In the living room marble-topped tables and fat globular oil lamps, now converted to electricity, crowded the spaces between chairs, couch, and rectangular patches of oriental rugs. Against one wall stood a secretary with top shelves full of narrow leather-bound books behind glass. The spines were upright, their gilt letters unblemished; apparently neither Aunt Bertha nor Uncle Mowrey nor any of the Mcleans preceding them had ever touched a one. They were there obviously because they fit the shelves.
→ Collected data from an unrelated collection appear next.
Lemma iter_rmorphD k a b : iter k F (a + b) = iter k F a + iter k F b.
Proof. by elim: k => //= k ->; rewrite rmorphD. Qed.

Lemma iter_rmorphM k a b : iter k F (a * b) = iter k F a * iter k F b.
Proof. by elim: k => //= k ->; rewrite rmorphM. Qed.

Lemma iter_rmorph_sum k I (r : seq I) (P : pred I) (f : I -> R) :
  iter k F (\sum_(i <- r | P i) f i) = \sum_(i <- r | P i) iter k F (f i).
Proof. by elim/big_rec2: _ => [|i y1 y2 _ <-]; rewrite ?iter_rmorph0 ?iter_rmorphD. Qed.

Lemma iter_rmorph_prod k I (r : seq I) (P : pred I) (f : I -> R) :
  iter k F (\prod_(i <- r | P i) f i) = \prod_(i <- r | P i) iter k F (f i).
Proof. by elim/big_rec2: _ => [|i y1 y2 _ <-]; rewrite ?iter_rmorph1 ?iter_rmorphM. Qed.

End IterMorphism.

Section IterFieldMorphism.
Variables (K : fieldType) (F : {rmorphism K -> K}).

Lemma iter_fmorphV k a : iter k F a^-1 = (iter k F a)^-1.
Proof. by elim: k => //= k ->; rewrite fmorphV. Qed.

Lemma iter_fmorph_div k a b : iter k F (a / b) = iter k F a / iter k F b.
Proof. by rewrite iter_rmorphM iter_fmorphV. Qed.

Lemma iter_fmorph_eq0 k a : (iter k F a == 0) = (a == 0).
Proof. by elim: k => //= k <-; rewrite fmorph_eq0. Qed.

End IterFieldMorphism.

Lemma sum_indep_iota_neq0 (K : fieldType) (x : nat -> K) c m :
  alg_indep x -> (0 < m)%N -> \sum_(i <- iota c.+1 m) x i != 0.
Proof.
move=> indep m0; set M := (c + m).+1.
pose p : {mpoly int[M]} := \sum_(i <- iota c.+1 m) 'X_(inord i).
have := indep M p; rewrite raddf_sum.
have -> : \sum_(i <- iota c.+1 m) mmap intr (fun i : 'I_M => x i) 'X_(inord i) =
          \sum_(i <- iota c.+1 m) x i.
  apply: eq_big_seq => i; rewrite mem_iota => hi.
  by rewrite mmapX mmap1U inordK //; rewrite /M; lia.
apply; apply/eqP => /(congr1 (mcoeff U_(@inord (c + m) c.+1))).
rewrite raddf_sum mcoeff0 (bigD1_seq c.+1) ?iota_uniq ?mem_iota //=; last by lia.
rewrite mcoeffXU eqxx big1_seq ?addr0 // => i /andP[ne]; rewrite mem_iota => hi.
rewrite mcoeffXU; case: eqP => // /(congr1 (@nat_of_ord _)).
by rewrite !inordK /M; lia.
Qed.
Lemma cos_sum_decreasing c N t0 u v : u < v ->
  (forall t, u < t < v -> t <> t0 -> 0 < sin_sum c N t) -> cos_sum c N v < cos_sum c N u.
Proof.
  intros Huv HS.
  destruct (Rle_or_lt t0 u) as [H1|H1]; [|destruct (Rle_or_lt v t0) as [H2|H2]].
  - apply cos_sum_decreasing_open; [lra|]. intros t Ht; apply HS; lra.
  - apply cos_sum_decreasing_open; [lra|]. intros t Ht; apply HS; lra.
  - apply Rlt_trans with (cos_sum c N t0);
      apply cos_sum_decreasing_open; try lra; intros t Ht; apply HS; lra.
Qed.

(* Fold x - y and x + y into 0 <= u < v <= PI using evenness and 2PI-periodicity. *)
Lemma sinsin_sum_cos_sum_interval c N x y : 0 < x < PI -> 0 < y < PI ->
  exists u v, 0 <= u /\ u < v /\ v <= PI /\
    sinsin_sum c N x y = (cos_sum c N u - cos_sum c N v) / 2.
Proof.
  intros Hx Hy. rewrite sinsin_sum_cos_sum.
  assert (Hu : exists u, 0 <= u /\ u < Rmin (x + y) (2 * PI - (x + y)) /\
                         cos_sum c N (x - y) = cos_sum c N u).
  { destruct (Rle_or_lt y x).
    - exists (x - y). split; [lra|split; [apply Rmin_glb_lt; lra| reflexivity]].
    - exists (y - x). split; [lra|split; [apply Rmin_glb_lt; lra|]].
      rewrite <- cos_sum_opp. f_equal; ring. }
  destruct Hu as [u [Hu0 [Hu1 ->]]].
  destruct (Rle_or_lt (x + y) PI).
  - exists u, (x + y). rewrite Rmin_left in Hu1 by lra. repeat split; lra.
  - exists u, (2 * PI - (x + y)). rewrite Rmin_right in Hu1 by lra.
    rewrite cos_sum_2PI_minus. repeat split; lra.
Qed.

Lemma sinsin_sum_nonneg c N x y : 0 < x < PI -> 0 < y < PI ->
  (forall t, 0 < t < PI -> 0 <= sin_sum c N t) -> 0 <= sinsin_sum c N x y.
Proof.
  intros Hx Hy HS. destruct (sinsin_sum_cos_sum_interval c N x y Hx Hy) as [u [v [Hu [Huv [Hv ->]]]]].
  assert (cos_sum c N v <= cos_sum c N u).
  { apply cos_sum_antitone; [lra|]. intros t Ht; apply HS; lra. }
  lra.
Qed.

Lemma sinsin_sum_pos c N t0 x y : 0 < x < PI -> 0 < y < PI ->
  (forall t, 0 < t < PI -> t <> t0 -> 0 < sin_sum c N t) -> 0 < sinsin_sum c N x y.
Proof.
  intros Hx Hy HS. destruct (sinsin_sum_cos_sum_interval c N x y Hx Hy) as [u [v [Hu [Huv [Hv ->]]]]].
  assert (cos_sum c N v < cos_sum c N u).
  { apply (cos_sum_decreasing c N t0); [lra|]. intros t Ht; apply HS; lra. }
  lra.
Qed.

Lemma sin_pos_cos_bounds t : 0 < t < PI -> 0 < sin t /\ -1 < cos t < 1.
Proof.
  intros Ht. assert (Hs : 0 < sin t) by (apply sin_gt_0; lra).
  pose proof (sin2_cos2 t) as H. unfold Rsqr in H. repeat split; nra.
Qed.

Lemma Rabs_sin_mult_le p t : 0 <= sin t -> Rabs (sin (INR p * t)) <= INR p * sin t.
Proof.
  intros Hs. induction p as [|p IH].
  - change (INR 0) with 0. rewrite Rmult_0_l, sin_0, Rabs_R0. lra.
  - rewrite S_INR, Rmult_plus_distr_r, Rmult_1_l, sin_plus.
    eapply Rle_trans; [apply Rabs_triang|]. rewrite !Rabs_mult, (Rabs_right (sin t)) by lra.
    assert (Rabs (sin (INR p * t)) * Rabs (cos t) <= Rabs (sin (INR p * t)) * 1).
    { apply Rmult_le_compat_l; [apply Rabs_pos| apply Rabs_le, COS_bound]. }
    assert (Rabs (cos (INR p * t)) * sin t <= 1 * sin t).
    { apply Rmult_le_compat_r; [lra| apply Rabs_le, COS_bound]. }
    lra.
Qed.
Lemma linked_arm_straighten sg h y : sg ^ 2 = 1 -> Rabs h <= PI / 2 -> Rabs y <= PI ->
  0 < norm2 (tip r h y) -> (L - x) ^ 2 <= norm2 (tip r h y) ->
  linked Q F (arm_config L r x sg h y) (arm_config L r x sg 0 0).
Proof.
  intros Hsg Hh Hy Hn Hm. pose proof PI_RGT_0. pose proof (pow2_ge_0 r).
  assert (Hc : 0 <= cos h) by now apply cos_ge0_of_abs_le.
  assert (Hshrink : forall z t, 0 <= t <= 1 -> Rabs ((1 - t) * z) <= Rabs z).
  { intros z t Ht. rewrite Rabs_mult, (Rabs_right (1 - t)) by lra. pose proof (Rabs_pos z). nra. }
  (* |tip| only grows when the angle y and then the angle h are shrunk to 0 *)
  apply linked_trans with (arm_config L r x sg h 0).
  - pose proof (linked_arm_path sg (fun _ => h) (fun t => (1 - t) * y) Hsg) as E.
    cbn beta in E. rewrite Rminus_0_r, Rmult_1_l, Rminus_diag, Rmult_0_l in E.
    apply E; intros; try continuity_pt_tac.
    enough (norm2 (tip r h y) <= norm2 (tip r h ((1 - t) * y))) by lra.
    rewrite !norm2_tip.
    assert (cos y <= cos ((1 - t) * y)) by (apply cos_le_of_abs_le; auto; lra).
    apply Rmult_le_compat_l; nra.
  - pose proof (linked_arm_path sg (fun t => (1 - t) * h) (fun _ => 0) Hsg) as E.
    cbn beta in E. rewrite Rminus_0_r, Rmult_1_l, Rminus_diag, Rmult_0_l in E.
    apply E; intros; try continuity_pt_tac.
    enough (norm2 (tip r h y) <= norm2 (tip r ((1 - t) * h) 0)) by lra.
    rewrite !norm2_tip, cos_0.
    assert (cos h <= cos ((1 - t) * h)) by (apply cos_le_of_abs_le; auto; lra).
    pose proof (COS_bound y). apply Rmult_le_compat_l; nra.
Qed.

Lemma linked_arm_flip_off_centre : x <> L ->
  linked Q F (arm_config L r x 1 0 0) (arm_config L r x (-1) 0 0).
Proof.
  intros Hx.
  destruct (tip_norm_attained r (Rabs (L - x))) as [h [y (Hh & Hy & Hn)]]; auto.
  { split; [apply Rabs_pos | apply Rabs_le; lra]. }
  rewrite pow2_abs in Hn.
  assert (0 < (L - x) ^ 2) by (rewrite <- Rsqr_pow2; apply Rsqr_pos_lt; lra).
  apply linked_trans with (arm_config L r x 1 h y).
  { apply linked_sym, linked_arm_straighten; auto; try ring; lra. }
  replace (arm_config L r x 1 h y) with (arm_config L r x (-1) h y)
    by (unfold arm_config; now rewrite (apex_sign_irrelevant L x _ (-1) 1 Hn)).
  apply linked_arm_straighten; auto; try ring; lra.
Qed.

End Arm.

Lemma tip_PI r h : tip r h PI = (r * cos h * (2 * cos h - 1), r * sin h * (2 * cos h - 1)).
Proof. unfold tip. rewrite cos_2a_cos, sin_2a, neg_cos, neg_sin. f_equal; ring. Qed.

Lemma norm2_tip_PI r h : norm2 (tip r h PI) = r ^ 2 * (2 * cos h - 1) ^ 2.
Proof. rewrite norm2_tip, cos_PI. ring. Qed.

Lemma tip_0_PI r : tip r 0 PI = (r, 0).
Proof. rewrite tip_PI, cos_0, sin_0. f_equal; ring. Qed.

Lemma tip_PI2_PI r : tip r (PI / 2) PI = (0, - r).
Proof. rewrite tip_PI, cos_PI2, sin_PI2. f_equal; ring. Qed.

Lemma sqrt_scale c u : 0 <= c -> sqrt (c ^ 2 * u) = c * sqrt u.
Proof. intros Hc. rewrite sqrt_mult_alt by apply pow2_ge_0. now rewrite sqrt_pow2. Qed.

(* For h from 0 to pi/2 the tip passes through the origin (at h = pi/3) while the apex stays on
   the perpendicular bisector of the origin and the tip: this carries the apex from the left of
   the tip to its right. *)
Definition bend_apex (L r h : R) : point :=
  let w := tip r h PI in
  let d := sqrt (L ^ 2 - norm2 w / 4) in
  (fst w / 2 - d * sin h, snd w / 2 + d * cos h).

Definition bend_config (L r h : R) : placement :=
  mkpl (bend_apex L r h) (0, 0) (r, 0) (knee r h) (tip r h PI).

Section Bend.

Variables L r : R.
Hypothesis r_pos : 0 < r.
Hypothesis r_le : 3 * r <= L.

Local Notation F := (fibre (chain4 L r) L).

Lemma bend_radicand_ge0 h : 0 <= h <= PI / 2 -> 0 <= L ^ 2 - norm2 (tip r h PI) / 4.
Proof.
  intros Hh. rewrite norm2_tip_PI.
  assert (0 <= cos h <= 1) by (split; [apply cos_ge_0; lra | apply COS_bound]).
  assert ((2 * cos h - 1) ^ 2 <= 1) by nra. pose proof (pow2_ge_0 r). nra.
Qed.
(* Let $P \in S$ with $P \notin K$. Then the centralizer $C_S(P)$ is commutative.
   Context: Standing conventions: $K$ is a field, $R = K[y]$, $\sigma$ is a $K$-algebra endomorphism of $R$ with $\deg_y(\sigma(y)) > 1$, and $\delta$ is a $K$-linear $\sigma$-derivation of $R$ ($\delta(ab) = \sigma(a)\delta(b) + \delta(a)b$). $S = R[x;\sigma,\delta]$ is the Ore extension (polynomials $\sum r_i x^i$, $r_i\in R$, with $xr = \sigma(r)x + \delta(r)$). $C_S(P)$ is the set of elements of $S$ commuting with $P$. *)

From HB Require Import structures.
From mathcomp Require Import all_boot all_order all_algebra.
Set Implicit Arguments. Unset Strict Implicit. Unset Printing Implicit Defensive.
Import GRing.Theory.
Local Open Scope ring_scope.

(* Ore extension S = R[x; sigma, delta] with R = {poly K} = K[y].
   Elements of S are represented (additively) by {poly {poly K}}:
   P = \sum_i r_i x^i  is the polynomial with coefficients r_i in R.
   Multiplication is the Ore product determined by x r = sigma(r) x + delta(r). *)

Section Ore.
Variable K : fieldType.
Variables (sigma delta : {poly K} -> {poly K}).

(* left multiplication by x:  x * (\sum r_i x^i) = \sum (sigma r_i x^{i+1} + delta r_i x^i) *)
Definition ore_mulx (q : {poly {poly K}}) : {poly {poly K}} :=
  map_poly sigma q * 'X + map_poly delta q.

Definition ore_mulXn (n : nat) (q : {poly {poly K}}) : {poly {poly K}} :=
  iter n ore_mulx q.

Definition ore_mul (p q : {poly {poly K}}) : {poly {poly K}} :=
  \sum_(i < size p) (p`_i)%:P * ore_mulXn i q.

Definition ore_centralizer (P : {poly {poly K}}) : pred {poly {poly K}} :=
  fun Q => ore_mul P Q == ore_mul Q P.

End Ore.

(* Writing n for the x-degree of a nonconstant P, the proof runs:
   - S is a domain in which x-degrees add and lc(uv) = lc(u) sigma^(deg u)(lc v);
     since sigma multiplies y-degrees by d, comparing y-degrees of the leading
     coefficients in P u = u P shows that, for n > 0, two elements of C_S(P)
     of equal x-degree have proportional leading terms (centralizer_same_xsize).
   - For n = 0, P is a nonconstant element of R and the same comparison forces
     C_S(P) inside the commutative ring R (centralizer_comm_xdeg0).
   - For n > 0, pick Q in C_S(P) with gcd(deg Q, n) dividing every degree in
     C_S(P).  Every element of C_S(P) reduces modulo the commutative algebra
     K<P,Q> to x-degree below n deg Q; by a dimension count, each u in C_S(P)
     has a nonzero multiple f u in K<P,Q>, with f a polynomial in P.  Then
     f1 f2 (uv - vu) = (f1 u)(f2 v) - (f2 v)(f1 u) = 0, so uv = vu. *)

From HB Require Import structures.
From mathcomp Require Import all_boot all_order all_algebra.
From mathcomp Require Import zify.
From Stdlib Require Import Classical.
Set Implicit Arguments. Unset Strict Implicit. Unset Printing Implicit Defensive.
Import GRing.Theory.

Lemma gcdn_mod_multiple m n : exists u, u * m = gcdn m n %[mod n].
Proof.
have [->|m_gt0] := posnP m; first by exists 0; rewrite gcd0n modnn mod0n.
by case: (egcdnP n m_gt0) => km kn def_km _; exists km; rewrite def_km modnMDl.
Qed.

Lemma linear_congruence_solvable m k n :
  gcdn m n %| k -> exists i, i * m = k %[mod n].
Proof.
move=> /dvdnP [t ->]; have [u def_u] := gcdn_mod_multiple m n.
by exists (t * u); rewrite -mulnA -modnMmr def_u modnMmr.
Qed.

Lemma gcd3_mod_combination m k n : 0 < n ->
  exists a b, a * m + b * k = gcdn (gcdn m n) k %[mod n].
Proof.
move=> n_gt0; set g := gcdn m n.
have g_gt0 : 0 < g by rewrite gcdn_gt0 n_gt0 orbT.
have [u def_u] := gcdn_mod_multiple m n.
case: (egcdnP k g_gt0) => km kn def_km _.
exists (km * u), ((n - 1) * kn).
rewrite -mulnA -modnDml -modnMmr def_u modnMmr -/g def_km modnDml.
have -> : kn * k + gcdn g k + (n - 1) * kn * k = kn * k * n + gcdn g k by nia.
by rewrite modnMDl.
Qed.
The titles were familiar;
The Poetry of Robert Burns, Three Plays
, Wm. Shakespeare,
The Lady of the Lake
, Scott, the same kind of well respected unread books that everybody in their generation seemed to have. A figure of a dog of mystifying breed, something that could have been an ashtray shaped like a pair of hands with empty white palms uplifted, roses made of
paper and cotton somewhere in Mexico, and a cut-glass bowl of terribly fake red cherries were scattered about the room.